The source of length differences among the φKZ-like genomes appears to be mainly expansion or contraction of arrays of small genes located at several sites in the genome. Core genomic segments like those described for the T4 lineage (Miller et al., 2003; Comeau et al., 2007) appear to be floating within those arrays, and sometimes subjected to inversion. The MS survey reveals several of these core segments to be composed of clusters of virion protein-encoding genes. Hence, these genomes can be viewed as evolving roughly like T4 genomes, except for the unusually large number of small non-core genes. Several proteins with unanticipated functions, including an RNAP, a helicase, a ligase, and an exonuclease, were identified as virion proteins by MS. The genes for these are clustered with other virion-encoding genes, reinforcing the case that association of these proteins with the virion is meaningful. Establishing homology between the core φKZ-like genes and genes of other myoviruses has been difficult, such that several of the anticipated functional modules are still not found, including a replicative module, a baseplate module, or a tail fiber module. A contributing factor appears to be that the φKZ-like phages are diverging about twice as fast as other phages, thus deepening the divergence barrier that has to be spanned during any sequence comparison. Acquisition of more φKZ-like sequences should empower more sensitive HMM-HMM comparative methods and ultimately sort out which of the φKZ-like proteins are truly novel from those that are highly divergent.

Materials and Methods

Sequencing the 201φ2-1 genome

Pseudomonas chlororaphis phage 201φ2-1 was propagated as previously described, with the exception that glucose was omitted from the media (Serwer et al., 2004). Phage DNA was extracted as described previously (Serwer et al., 2007), with the exception that the freeze-thawing step prior to enzymatic degradation of host RNA and DNA was omitted. Phage 201φ2-1 DNA was included in a mixture of four other phage genomic DNAs totaling 0.8 Mb and sequenced by pyrosequencing (Margulies et al., 2005) by 454 Life Sciences (Branford, CT). This is the same sequencing reaction in which we validated the accuracy of 454’s assigned quality values by confirming over 200,000 bp with dideoxy terminator sequencing (Thomas et al., 2007). The single 201φ2-1 contig (316,674 bp) returned by 454 Life Sciences had a redundancy > 50, and was identified by matching it to the dideoxy shotgun sequence data (~14.5 kb) obtained in a genome sequence survey (Serwer et al., 2004). Primer-directed sequencing was conducted in all regions where low quality values were assigned in the 454 data, resulting in only one base change to the original pyrosequencing contig. Quality assessment of all final bases was > 60, indicating an expectation of < 1 error/106 bases.

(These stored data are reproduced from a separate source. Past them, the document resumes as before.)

(* Finitely many points of M_U, together with the base point, are
   (1 + eta)-bi-Lipschitz to their i-th coordinates in M for U-many indices i.
   A K-Lipschitz map between finite pointed sets increases the free-space norm
   of a finitely supported element by at most the factor K, since a 1-Lipschitz
   function on the target pulls back, by McShane's inf-convolution extension, to
   a K-Lipschitz one on the source.  Given a finite-dimensional subspace of
   F(M_U), approximate the vectors of a basis by finitely supported elements,
   with an error that is small relative to the norm of every combination by
   the equivalence of norms in finite dimension, and move all their atoms to M
   through one good coordinate. *)

From HB Require Import structures.
From mathcomp Require Import all_boot all_order all_algebra.
From mathcomp Require Import all_classical all_reals.
From mathcomp Require Import topology normedtype derive.
From mathcomp Require Import ring lra.
Import Order.TTheory GRing.Theory Num.Theory.
Import numFieldNormedType.Exports.
Local Open Scope classical_set_scope.
Local Open Scope ring_scope.
Set Implicit Arguments. Unset Strict Implicit. Unset Printing Implicit Defensive.

Section MetricFacts.
Variables (R : realType) (X : Type) (d : X -> X -> R).
Hypothesis hd : is_metric d.

Lemma metric_ge0 x y : 0 <= d x y. Proof. by case: hd. Qed.
Lemma metric_sym x y : d x y = d y x. Proof. by case: hd. Qed.
Lemma metric_triangle x y z : d x z <= d x y + d y z. Proof. by case: hd. Qed.
Lemma metric_eq0 x y : d x y = 0 <-> x = y. Proof. by case: hd. Qed.
Lemma metric_xx x : d x x = 0. Proof. exact/metric_eq0. Qed.

Lemma metric_dist_lipschitz x y x' y' : `|d x y - d x' y'| <= d x x' + d y y'.
Proof.
have := metric_triangle x x' y; have := metric_triangle x' y' y.
have := metric_triangle x' x y'; have := metric_triangle x y y'.
rewrite (metric_sym x' x) (metric_sym y' y) ler_norml; move=> *; apply/andP; split; lra.
Qed.

End MetricFacts.

Section Ultrafilter.
Variables (R : realType) (I : Type) (U : set (set I)).
Hypothesis hU : is_ultrafilter U.

Lemma ultraT : U setT. Proof. by case: hU. Qed.

Lemma ultra_sub A B : U A -> A `<=` B -> U B.
Proof. by case: hU => _ _ h _ _; apply: h. Qed.

Lemma ultraI A B : U A -> U B -> U (A `&` B).
Proof. by case: hU => _ _ _ h _; apply: h. Qed.

Lemma ultra_all (A : set I) : (forall i, A i) -> U A.
Proof. by move=> hA; apply: ultra_sub ultraT _. Qed.

Lemma ultraC A : U A \/ U (~` A). Proof. by case: hU. Qed.

Lemma ultra_neq0 A : U A -> exists i, A i.
Proof.
move=> UA; apply: contrapT => A0; case: hU => _ U0 _ _ _; apply: U0.
by rewrite -(_ : A = set0) //; apply/seteqP; split => // i Ai; apply: A0; exists i.
Qed.

Lemma ultra_bigI (J : finType) (A : J -> set I) : (forall j, U (A j)) ->
  U [set i | forall j, A j i].
Proof.
move=> UA; suff /(_ (enum J)) : forall s : seq J, U [set i | forall j, j \in s -> A j i].
  by move=> /ultra_sub; apply=> i Ai j; apply: Ai; rewrite mem_enum.
elim=> [|j s IH]; first exact: ultra_all.
apply: ultra_sub (ultraI (UA j) IH) _ => i [Aji Asi] k.
by rewrite inE => /predU1P[->|/Asi].
Qed.

Definition bounded_family (a : I -> R) := exists B, forall i, `|a i| <= B.

Lemma ulim_cvg (a : I -> R) : bounded_family a ->
  forall e : R, 0 < e -> U [set i | `|a i - ulim U a| < e].
Proof.
move=> [B aB].
suff [l al] : exists l, forall e : R, 0 < e -> U [set i | `|a i - l| < e].
  by rewrite /ulim; case: xgetP => [_ -> //|nl]; case: (nl l).
(* l is the supremum of the thresholds that [a] exceeds U-almost surely. *)
pose S := [set t : R | U [set i | t <= a i]].
have hS : has_sup S.
  split.
    exists (- B); apply: ultra_all => i /=.
    by have := aB i; rewrite ler_norml => /andP[].
  exists (B + 1) => t St; rewrite leNgt; apply/negP => Bt.
  have [i /= ti] := ultra_neq0 St; have := aB i; rewrite ler_norml => /andP[_]; lra.
exists (sup S) => e e0.
have e20 : 0 < e / 2 by rewrite divr_gt0.
have [t St ht] := sup_adherent e20 hS.
have [|Uc] := ultraC [set i | sup S + e / 2 <= a i].
  by move=> /(sup_upper_bound hS); lra.
apply: ultra_sub (ultraI St Uc) _ => i [/= ti /negP]; rewrite -ltNge => ai.
by rewrite ltr_norml; apply/andP; split; lra.
Qed.

Lemma ulim_unique (a : I -> R) l : bounded_family a ->
  (forall e : R, 0 < e -> U [set i | `|a i - l| < e]) -> ulim U a = l.
Proof.
move=> /ulim_cvg al' al; apply/eqP; rewrite -subr_eq0 -normr_le0.
apply/ler_addgt0Pr => e e0; rewrite add0r.
have e20 : 0 < e / 2 by rewrite divr_gt0.
have [i [/= hi hi']] := ultra_neq0 (ultraI (al' _ e20) (al _ e20)).
by have := ler_distD (a i) (ulim U a) l; rewrite [`|ulim U a - a i|]distrC; lra.
Qed.

Lemma ulimC (c : R) : ulim U (fun=> c) = c.
Proof.
apply: ulim_unique; first by exists `|c|.
by move=> e e0; apply: ultra_all => i /=; rewrite subrr normr0.
Qed.

Lemma bounded_familyD (a b : I -> R) : bounded_family a -> bounded_family b ->
  bounded_family (fun i => a i + b i).
Proof.
move=> [A aA] [B bB]; exists (A + B) => i.
by apply: le_trans (ler_normD _ _) _; apply: lerD.
Qed.

Lemma ulimD (a b : I -> R) : bounded_family a -> bounded_family b ->
  ulim U (fun i => a i + b i) = ulim U a + ulim U b.
Proof.
move=> ba bb; apply: ulim_unique; first exact: bounded_familyD.
move=> e e0; have e20 : 0 < e / 2 by rewrite divr_gt0.
apply: ultra_sub (ultraI (ulim_cvg ba e20) (ulim_cvg bb e20)) _ => i [/= ha hb].
rewrite opprD addrACA; apply: le_lt_trans (ler_normD _ _) _; lra.
Qed.

Lemma ler_ulim (a b : I -> R) : bounded_family a -> bounded_family b ->
  (forall i, a i <= b i) -> ulim U a <= ulim U b.
Proof.
move=> ba bb ab; rewrite leNgt; apply/negP => ba_lt.
pose e := (ulim U a - ulim U b) / 2.
have e0 : 0 < e by rewrite divr_gt0 // subr_gt0.
have [i [/= ha hb]] := ultra_neq0 (ultraI (ulim_cvg ba e0) (ulim_cvg bb e0)).
move: ha hb; rewrite !ltr_norml /e => /andP[? ?] /andP[? ?].
by have := ab i; lra.
Qed.

End Ultrafilter.

Section UltrapowerMetric.
Variables (R : realType) (M : Type) (d : M -> M -> R) (m0 : M).
Hypothesis hd : is_metric d.
Variables (I : Type) (U : set (set I)).
Hypothesis hU : is_ultrafilter U.

Local Notation linf := (@linf R M d m0 I).
Local Notation up := (@upseudo R M d I U).
Local Notation UP := (@ultrapower R M d m0 I U).
Local Notation ud := (@udist R M d m0 I U).
Local Notation ub := (@ubase R M d m0 I U).

Lemma linf_bounded_dist x y : linf x -> linf y ->
  bounded_family (fun i => d (x i) (y i)).
Proof.
move=> [A xA] [B yB]; exists (A + B) => i; rewrite ger0_norm ?metric_ge0 //.
apply: le_trans (metric_triangle hd _ m0 _) _.
by apply: lerD; rewrite // metric_sym.
Qed.

Lemma urep_spec (a : UP) :
  linf (urep a) /\ proj1_sig a = [set y | linf y /\ up (urep a) y = 0].
Proof. exact: projT2 (cid (proj2_sig a)). Qed.

Lemma upseudo_xx x : up x x = 0.
Proof.
rewrite /upseudo (_ : (fun i => d (x i) (x i)) = fun=> 0) ?ulimC //.
by apply/funext => i; rewrite metric_xx.
Qed.

Lemma upseudo_sym x y : up x y = up y x.
Proof. by rewrite /upseudo; congr ulim; apply/funext => i; rewrite metric_sym. Qed.

Lemma upseudo_triangle x y z : linf x -> linf y -> linf z ->
  up x z <= up x y + up y z.
Proof.
move=> lx ly lz; rewrite /upseudo -ulimD //; try exact: linf_bounded_dist.
apply: ler_ulim => //; first exact: linf_bounded_dist.
  by apply: bounded_familyD; exact: linf_bounded_dist.
by move=> i; exact: metric_triangle.
Qed.

Lemma upseudo_ge0 x y : linf x -> linf y -> 0 <= up x y.
Proof.
move=> lx ly; rewrite -(ulimC hU 0); apply: ler_ulim => //.
- by exists 0 => i; rewrite normr0.
- exact: linf_bounded_dist.
- by move=> i; exact: metric_ge0.
Qed.

Lemma udist_metric : is_metric ud.
Proof.
have lrep a := (urep_spec a).1.
split => [a b|a b|a b|a b c]; last 2 first.
- exact: upseudo_sym.
- exact: upseudo_triangle.
- exact: upseudo_ge0.
split => [ab0|->]; last exact: upseudo_xx.
suff : proj1_sig a = proj1_sig b.
  case: a {ab0} => Sa pa; case: b => Sb pb /= ?; subst Sb.
  by congr exist; exact: Prop_irrelevance.
have eq_ball x y : linf x -> linf y -> up x y = 0 -> forall z, linf z ->
    up y z = 0 -> up x z = 0.
  move=> lx ly xy0 z lz yz0; apply/eqP; rewrite eq_le upseudo_ge0 // andbT.
  by rewrite -[leRHS](addr0 0) -{1}xy0 -yz0 upseudo_triangle.
rewrite (urep_spec a).2 (urep_spec b).2; apply/seteqP; split => z [lz z0]; split => //.
  by apply: eq_ball (lrep b) (lrep a) _ _ lz z0; rewrite upseudo_sym.
exact: eq_ball (lrep a) (lrep b) ab0 _ lz z0.
Qed.

Lemma upseudo_urep_base : up (fun=> m0) (urep ub) = 0.
Proof.
have [_ ubE] := urep_spec ub.
suff : proj1_sig ub (urep ub) by case.
by rewrite ubE; split; [exact: (urep_spec ub).1 | exact: upseudo_xx].
Qed.

(* The base point is sent exactly to [m0], not merely to a sequence at
   U-distance 0 from it. *)
Definition ucoord (i : I) (a : UP) : M := if `[< a = ub >] then m0 else urep a i.

Lemma ucoord_base i : ucoord i ub = m0.
Proof. by rewrite /ucoord asboolT. Qed.

Lemma ucoord_near_urep a e : 0 < e -> U [set i | d (ucoord i a) (urep a i) < e].
Proof.
move=> e0; rewrite /ucoord; case: (pselect (a = ub)) => [->|nab]; last first.
  by rewrite asboolF //; apply: (ultra_all hU) => i /=; rewrite metric_xx.
rewrite asboolT //.
have := ulim_cvg hU (linf_bounded_dist (@linf_cst R M d m0 I) (urep_spec ub).1) e0.
rewrite -/(up _ _) upseudo_urep_base; move=> /(ultra_sub hU); apply=> i /=.
by rewrite subr0 ger0_norm ?metric_ge0.
Qed.

Lemma ucoord_cvg a b e : 0 < e ->
  U [set i | `|d (ucoord i a) (ucoord i b) - ud a b| < e].
Proof.
move=> e0; have e30 : 0 < e / 3 by rewrite divr_gt0.
have rep_cvg := ulim_cvg hU (linf_bounded_dist (urep_spec a).1 (urep_spec b).1) e30.
apply: (ultra_sub hU) (ultraI hU (ucoord_near_urep a e30)
  (ultraI hU (ucoord_near_urep b e30) rep_cvg)) _ => i [/= ha [hb hab]].
have := metric_dist_lipschitz hd (ucoord i a) (ucoord i b) (urep a i) (urep b i).
have := ler_distD (d (urep a i) (urep b i)) (d (ucoord i a) (ucoord i b)) (ud a b).
rewrite /udist /upseudo; lra.
Qed.

Lemma ucoord_almost_isometry (J : finType) (P : J -> UP) (eta : R) : 0 < eta ->
  exists i, forall a b : J,
    d (ucoord i (P a)) (ucoord i (P b)) <= (1 + eta) * ud (P a) (P b) /\
    ud (P a) (P b) <= (1 + eta) * d (ucoord i (P a)) (ucoord i (P b)).
Proof.
move=> eta0.
suff /(ultra_bigI hU) /(ultra_neq0 hU) [i hi] : forall ab : J * J, U [set i |
    d (ucoord i (P ab.1)) (ucoord i (P ab.2)) <= (1 + eta) * ud (P ab.1) (P ab.2) /\
    ud (P ab.1) (P ab.2) <= (1 + eta) * d (ucoord i (P ab.1)) (ucoord i (P ab.2))].
  by exists i => a b; exact: (hi (a, b)).
move=> [a b] /=; case: (pselect (P a = P b)) => [->|nab].
  by apply: (ultra_all hU) => i /=; rewrite !metric_xx ?mulr0 //; exact: udist_metric.
have u0 : 0 < ud (P a) (P b).
  rewrite lt_def metric_ge0 ?andbT; last exact: udist_metric.
  by apply/eqP => /(metric_eq0 udist_metric).
(* relative error eta / (1 + eta) in the U-limit gives both inequalities *)
pose e := eta * ud (P a) (P b) / (1 + eta).
have e0 : 0 < e by rewrite divr_gt0 ?mulr_gt0 //; lra.
have ee : e * (1 + eta) = eta * ud (P a) (P b) by rewrite /e divfK // gt_eqF // addr_gt0.
apply: (ultra_sub hU) (ucoord_cvg (P a) (P b) e0) _ => i /=.
by rewrite ltr_norml => /andP[? ?]; split; nra.
Qed.

End UltrapowerMetric.

Section DualNorm.
Variables (R : realType) (X : Type) (dX : X -> X -> R) (x0 : X).
Hypothesis hX : is_metric dX.

Local Notation V := ((X -> R) -> R^o).
Local Notation N := (dual_norm dX x0).
Local Notation ball := (lip0_ball dX x0).
Implicit Types (phi psi : V) (f : X -> R).

Definition dual_bounded phi := exists C, forall f, ball f -> `|phi f| <= C.

Definition molecule (J : finType) (c : J -> R) (x : J -> X) : V :=
  fun f => \sum_j c j * delta dX x0 (x j) f.

Lemma dual_sumE (J : finType) (c : J -> R) (phi : J -> V) f :
  (\sum_j c j *: phi j) f = \sum_j c j * phi j f.
Proof. by rewrite fct_sumE. Qed.

Lemma lip0_ball0 : ball (fun=> 0).
Proof. by split => // x y; rewrite subrr normr0 metric_ge0. Qed.

Lemma lip0_ball_lip0 f : ball f -> lip0 dX x0 f.
Proof. by case=> f0 fL; split => //; exists 1 => x y; rewrite mul1r. Qed.

Lemma lip0_ball_le f x : ball f -> `|f x| <= dX x x0.
Proof. by case=> f0 /(_ x x0); rewrite f0 subr0. Qed.

Lemma delta_ball x f : ball f -> delta dX x0 x f = f x.
Proof. by move=> /lip0_ball_lip0 lf; rewrite /delta asboolT. Qed.

Lemma lip0_comb (a : R) f g : lip0 dX x0 f -> lip0 dX x0 g ->
  lip0 dX x0 (fun z => a * f z + g z).
Proof.
move=> [f0 [Lf fL]] [g0 [Lg gL]]; split; first by rewrite f0 g0 mulr0 addr0.
exists (`|a| * Lf + Lg) => x y; rewrite opprD addrACA -mulrBr.
apply: le_trans (ler_normD _ _) _; rewrite normrM mulrDl -mulrA.
by apply: lerD => //; apply: ler_wpM2l.
Qed.

Lemma dual_norm_set_neq0 phi : [set `|phi f| | f in ball] !=set0.
Proof. by exists `|phi (fun=> 0)|, (fun=> 0); last by []; exact: lip0_ball0. Qed.

Lemma dual_norm_has_sup phi : dual_bounded phi -> has_sup [set `|phi f| | f in ball].
Proof.
case=> C phiC; split; first exact: dual_norm_set_neq0.
by exists C => _ [f bf <-]; exact: phiC.
Qed.

Lemma le_dual_norm phi f : dual_bounded phi -> ball f -> `|phi f| <= N phi.
Proof. by move=> /dual_norm_has_sup phi_sup bf; apply: sup_upper_bound => //; exists f. Qed.

Lemma dual_norm_le phi C : (forall f, ball f -> `|phi f| <= C) -> N phi <= C.
Proof.
move=> phiC; apply: ge_sup; first exact: dual_norm_set_neq0.
by move=> _ [f bf <-]; exact: phiC.
Qed.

Nucleotide sequence accession number

The 201φ2-1 phage genome has been deposited in GenBank under the accession no. EU197055.

Genome analyses

Genome analyses were performed as previously described (Thomas et al., 2007), with the exception that homologues to 201φ2-1 proteins were also investigated using HHpred (Söding, 2005; Söding et al., 2005). Fig. 3 was modified from the output of a computer program named b36 chains, which is a variation of tblastx described in Hardies et al. (2007). Divergence of individual loci was calculated as 100 - % identity within the region matched by blastp. Divergence ratios were then averaged over all matches within chains of genes defined in Fig. 3, and added to the figure. The rRNA tree in Fig. 4 was constructed using PAML (Yang, 1997), with the Tamura and Nei (1993) saturation correction and fitting of transition/transversion and shape factors by maximum likelihood.

Phage purification

Stocks of phage 201φ2-1 were prepared in 0.15% agarose overlay in Petri plates (Serwer et al., 2004). The agarose-containing overlay was almost liquid; hence it was harvested without the addition of buffer. This suspension was centrifuged (5000 rpm, 10 min, 4 °C) in a JA rotor in a Beckman Avanti J-25 centrifuge. The resulting supernatant was decanted (titer was ~2 × 1011 pfu/ml) and incubated in the presence of DNAase (final concentration 100 μg/ml) and RNAase (final concentration 100 μg/ml) for 1 h at 30 °C. A CsCl step gradient was poured with all steps in buffer composed of 0.01 M Tris-HCl (pH 7.4) and 0.001 M MgCl2. The steps had CsCl at the following densities (and volumes in parentheses); 1.59 g/ml (0.75 ml), 1.52 g/ml (0.75 ml), 1.41 g/ml (1.2 ml), 1.30 g/ml (1.5 ml) and 1.21 g/ml (1.8 ml). The phage suspension (5.8 ml) was pipetted on the top of this gradient and spun at 33,000 rpm for 3 h at 18 °C in an SW41 rotor (Beckman Coulter Optima LE-80K ultracentrifuge). The sample was further purified by buoyant density gradient centrifugation (16 h at 42,000 rpm and 10 °C in a SW55Ti rotor). The resulting phage band had a buoyant density of 1.37 g/ml and a titer of 1.3 × 1012 pfu/ml. The phage suspension was dialyzed against three changes of 0.2 M NaCl, 0.01 M Tris-HCl, 0.05 M MgCl2 at 4 °C.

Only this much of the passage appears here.